10 Best Ways to Treat Yo'self
So your pay check just came in. What's a hard worked month if you don't blow your whole cheque in two days? Sometimes you just gotta treat yourself! Ya know?? If you feel like blowing your money on things that’ll make you feel good about yourself, look no further! Here’s the ultimate list to pamper yourself.
(photo by @shesaidyeah_)
Get nude acrylic nails. They’re classy. They make you feel like a boss @$$ b*tch, and if you like to party you can now show up the boys and do a thumb gun without difficulty. Check. (Plus they grow out nice!)
Get eyelash extensions. I don’t know what it is about having hair on my eyelids that makes me feel so pretty, but it’s true. I go from “meh it me” to “LOOKOUT LADIES I GOT SUCH FLUTTERY LASHES I’M BASICALLY A BUTTERFLY AND I WILL FLOAT ABOVE ALL YALL so MOVE OVER”.
Touch up your hair! Those roots? Girrrlll, I see you, and they’re more exposed than the fact you’re considering breaking up with your boyfriend because you keep crying about him at the bar. Just fix ‘em. You’ll feel so much better.
Wax. Wax everything. Beauty is pain. But beauty is also feeling so sleek that you basically are a dolphin. After getting a full Brazilian, you feel like you can fight off your ex middle school bully next time you run into them at the mall because your pain tolerance is THROUGH THE ROOF, and if she comes at you, no problem, you’re a slick ninja that can slip through any situation because you are a sleeeeeek mother trucker and everyone knows it.
Nothing is more deluxe than sitting in front of your Netflix with a good ol’ green mask on. (Bonus points if you’re in a bubble bath simultaneously). Get yourself to Lush, buy yourself the smelliest facemask there is and put on your best Shreck impression. Like an ogre, you’ll shed your shrivelled up outer layer and emerge with glowing skin knowing “this is my swamp”.
Wine. White or red. Either works. This one explains itself (no shame if you drink it straight from the bottle).
This one may be thrown off by the wine, but we’ll still do it. Buy that $11 green smoothie that somehow magically detoxifies your whole body. Even if you have to pretend you like the taste, your body will (probably) for sure like the benefits.
If you haven’t had your teeth whitened before and you listen close enough, you miiiight just hear your teeth crying. Just kidding. It can be expensive, but it’s the best way to hide the fact that you don’t actually drink water 90% of the time and live off of green tea lattes, coffee, and red wine #oops Honestly though, nothing feels better than a glowing smile!

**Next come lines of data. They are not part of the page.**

Lemma separating_functional x y : x != 0 -> (forall mu : C, y != mu *: x) ->
  exists f, [/\ bounded_functional f, f x = 0 & f y = 1].
Proof.
move=> x0 y_indep.
have y0 : y != 0 by have := y_indep 0; rewrite scale0r.
have [g gf gy] := complex_hahn_banach y0; have [gD gZ _] := gf.
pose w := g x *: y - g y *: x.
have w0 : w != 0.
  apply/eqP => /eqP; rewrite subr_eq0 => /eqP gxy.
  have [gx0|gx0] := eqVneq (g x) 0.
    move: gxy; rewrite gx0 scale0r => /esym/eqP.
    by rewrite scaler_eq0 (negbTE gy) (negbTE x0).
  move/eqP: (y_indep (g y / g x)); apply; apply: (scalerI gx0).
  by rewrite scalerA mulrCA mulfV // mulr1.
have [h hf hw] := complex_hahn_banach w0; have [hD hZ _] := hf.
pose d := h x * g y - g x * h y.
have d0 : d != 0.
  have hN v : h (- v) = - h v by rewrite -scaleN1r hZ mulN1r.
  have hwd : h w = - d by rewrite /w hD hN !hZ /d; ring.
  by apply: contraNneq hw => d0; rewrite hwd d0 oppr0.
exists (fun v => h x / d * g v + (- g x / d) * h v); split.
- exact: bounded_functionalD (bounded_functionalZ _ gf) (bounded_functionalZ _ hf).
- by ring.
- by rewrite /d; field; rewrite -/d.
Qed.
End BoundedFunctionals.

Section RankOneOperators.
Variables (R : realType) (V : completeNormedModType (complex R)).
Local Notation C := (complex R).

HB.instance Definition _ (A : bop V) :=
  GRing.isLinear.Build C V V *:%R A (bop_linear A).

Lemma rank_one_linear (f : V -> C) (z : V) : bounded_functional f ->
  linear (fun v => f v *: z).
Proof. by case=> fD fZ _ a u v; rewrite fD fZ scalerDl scalerA. Qed.

(* v |-> f v z is Lipschitz with constant M `|z| + 1, M a bound of f. *)
Lemma rank_one_continuous (f : V -> C) (z : V) : bounded_functional f ->
  continuous (fun v => f v *: z).
Proof.
case=> fD fZ [M M_ge0 fM] x.
pose L := M * `|z| + 1.
have L_gt0 : 0 < L by rewrite ltr_wpDl // mulr_ge0.
have lipschitz y : `|f x *: z - f y *: z| <= L * `|x - y|.
  have -> : f x *: z - f y *: z = f (x - y) *: z.
    by rewrite -scalerBl fD -[- y]scaleN1r fZ mulN1r.
  rewrite normrZ (le_trans (ler_wpM2r (normr_ge0 _) (fM _))) //.
  by rewrite mulrAC ler_wpM2r // lerDl.
apply/cvgrPdist_lt => e e_gt0; near=> y.
rewrite (le_lt_trans (lipschitz y)) // -ltr_pdivlMl //.
near: y; apply: cvgr_dist_lt => //; by rewrite mulr_gt0 ?invr_gt0.
Unshelve. all: by end_near.
Qed.

Definition rank_one (f : V -> C) (z : V) (hf : bounded_functional f) : bop V :=
  Bop (@rank_one_linear f z hf) (@rank_one_continuous f z hf).

(* If A x != 0, then x is a fixed point of A T + T A for a rank-one T with
   range C x: if A x = mu x take f x = 1 / (2 mu), otherwise f x = 0 and
   f (A x) = 1. *)
Lemma jordan_rank_one_fixed (A : bop V) x : A x != 0 ->
  exists f (hf : bounded_functional f), jordan A (rank_one x hf) x = x.
Proof.
move=> Ax0; have x0 : x != 0 by apply: contraNneq Ax0 => ->; rewrite linear0.
have jordanE f (hf : bounded_functional f) :
    jordan A (rank_one x hf) x = f x *: A x + f (A x) *: x.
  by rewrite /jordan /= linearZ.
have [[mu Axmu]|indep] := pselect (exists mu, A x = mu *: x).
- have mu0 : mu != 0 by apply: contraNneq Ax0 => mu0; rewrite Axmu mu0 scale0r.
  have [f hf fx] := functional_value (2 * mu)^-1 x0; have [_ fZ _] := hf.
  exists f, hf; rewrite jordanE Axmu fZ scalerA -scalerDl fx -[RHS]scale1r.
  by congr (_ *: _); field.
- have [|f [hf fx fAx]] := separating_functional (y := A x) x0.
    by move=> mu; apply/eqP => Axmu; apply: indep; exists mu.
  by exists f, hf; rewrite jordanE fx fAx scale0r add0r scale1r.
Qed.
End RankOneOperators.

Section AnalyticCore.
Variables (R : realType) (V : completeNormedModType (complex R)).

Retail therapy. It works. Makeup, clothes, chocolate, just go for it.
Nothing speaks louder than barely there eyebrows. Avoid that awkward situation by booking yourself an eyebrow tint with your trusty eyebrow technician. Be bold!
And there ya have it! Could the money go towards better things? Probably. But will you regret it? Nope. Sometimes you just gotta give yourself a little love!